She felt like laughing. How could she laugh in that position, what would they say about her?
It was the first time she’d ever felt the effects of local anesthesia. She’d heard dozens of stories about it, but she hadn’t expected it to be so ticklish, especially at the base of her spine.
She wanted to search the faces of the doctors looming over her for a trace of forgotten laughter—perhaps the lines around their mouths would reveal some comedy, an excuse if she laughed out loud in such a situation. But she only saw the doctor who spoke English in that dry British accent of hers and the Indian doctor who seemed preoccupied with his implements. She didn’t laugh. The ticklish feeling went away and all that was left was a numbness in her feet and stomach and back, and also in her legs—the anesthetic had paralyzed her below the navel. Even her toenails were numb.
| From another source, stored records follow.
(* Let $N\ge1$, consider the fuzzy sphere calculus described in the context with basis one-forms $e_k=1\otimes\sigma_k$ and basis two-forms $f_m=\tfrac12\sum_{j,k}\epsilon_{mjk}\,e_j\wedge e_k$, and let $\nabla$ be the connection with $\nabla(e_k)=\sum_je_j\otimes_{A_N}\omega_{jk}$, $\omega_{jk}=-\tfrac12\sum_l\epsilon_{jkl}e_l$. Define its curvature on the basis by $$R_\nabla(e_j)=\sum_k\Big[(\mathrm{id}\otimes\wedge)\big(\nabla(e_k)\otimes_{A_N}\omega_{kj}\big)+e_k\otimes_{A_N}d\omega_{kj}\Big]\in\mathcal{E}\otimes_{A_N}\Omega^2(A_N).$$ Then $$R_\nabla(e_j)=-\tfrac14\sum_{p,q}\epsilon_{jpq}\,e_p\otimes_{A_N}f_q=\tfrac14\sum_pe_p\otimes_{A_N}(e_p\wedge e_j).$$
   Context: Fuzzy sphere spectral triple: $J_1,J_2,J_3$ basis of $su(2)$ with $[J_k,J_l]=\sum_m\epsilon_{klm}J_m$ ($\epsilon_{123}=1$, totally antisymmetric); $\rho_{n/2}$ the $(n+1)$-dimensional irreducible unitary representation; $K_N=\oplus_{n=0}^N\mathbb{C}^{n+1}$, $X_k=\oplus_{n=0}^N\rho_{n/2}(J_k)$, $A_N=B(K_N)$, $H_N=K_N\otimes\mathbb{C}^2$ with $a\mapsto a\otimes1$, $\sigma_k=\sqrt{-1}\tau_k$ ($\tau_k$ Pauli matrices), $D_N=\sum_kX_k\otimes\sigma_k$. Differential calculus: $\mathcal{E}=\Omega^1(A_N)=\{\sum a_j[D_N,b_j]\}$ (free with basis $e_1,e_2,e_3$), $da=[D_N,a]$; $\Omega^2(A_N)=\mathcal{S}/J^2$ with $\mathcal{S}$ the span of $a_0[D_N,a_1][D_N,a_2]$ and $J^2=\{\sum_j[D_N,a_j][D_N,b_j]:\sum_ja_j[D_N,b_j]=0\}$; $\wedge$ is operator multiplication followed by the quotient; $d(\sum a_j[D_N,b_j])=[\sum_j[D_N,a_j][D_N,b_j]]$. $(\mathrm{id}\otimes\wedge)(x\otimes y\otimes z)=x\otimes(y\wedge z)$. (This $\nabla$ is the Levi-Civita connection of the metric $g(e_k\otimes e_j)=\delta_{kj}$.) *)

From HB Require Import structures.
From mathcomp Require Import all_boot all_order all_algebra all_field.
From mathcomp Require Import mxtens.
From Stdlib Require Import ClassicalEpsilon.
Set Implicit Arguments. Unset Strict Implicit. Unset Printing Implicit Defensive.
Import Order.TTheory GRing.Theory Num.Theory.
Local Open Scope ring_scope.

Notation C := algC.

(* Levi-Civita symbol on indices 'I_3 (0,1,2 standing for 1,2,3). *)
Definition eps (i j k : 'I_3) : C :=
  if [&& i != j, j != k & i != k] then
    (if val j == ((val i).+1 %% 3)%N then 1 else -1)
  else 0.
It wasn’t long before the Indian doctor spoke. He’d seen her heartbeat racing on the monitor in the room, and suggested a sedative to help her sleep. She didn’t reply.
Her attention turned to the white sheet in front of her that separated her awareness from her lower half, where the doctor’s scalpel was opening up her flesh. She could see nothing but phantoms. It felt like spiders were crawling all over the lower part of her stomach. There was no awareness of her body, but there was a constant awareness of the passage of time. She was waiting, waiting for a scene from the movies where she’d talk to him. But he was sunk in the depths of life. He was a promise from that South African nurse who’d said: “We’ll open up your womb and take him out. Then you’ll see your baby for the first time.” Her baby. Where was he?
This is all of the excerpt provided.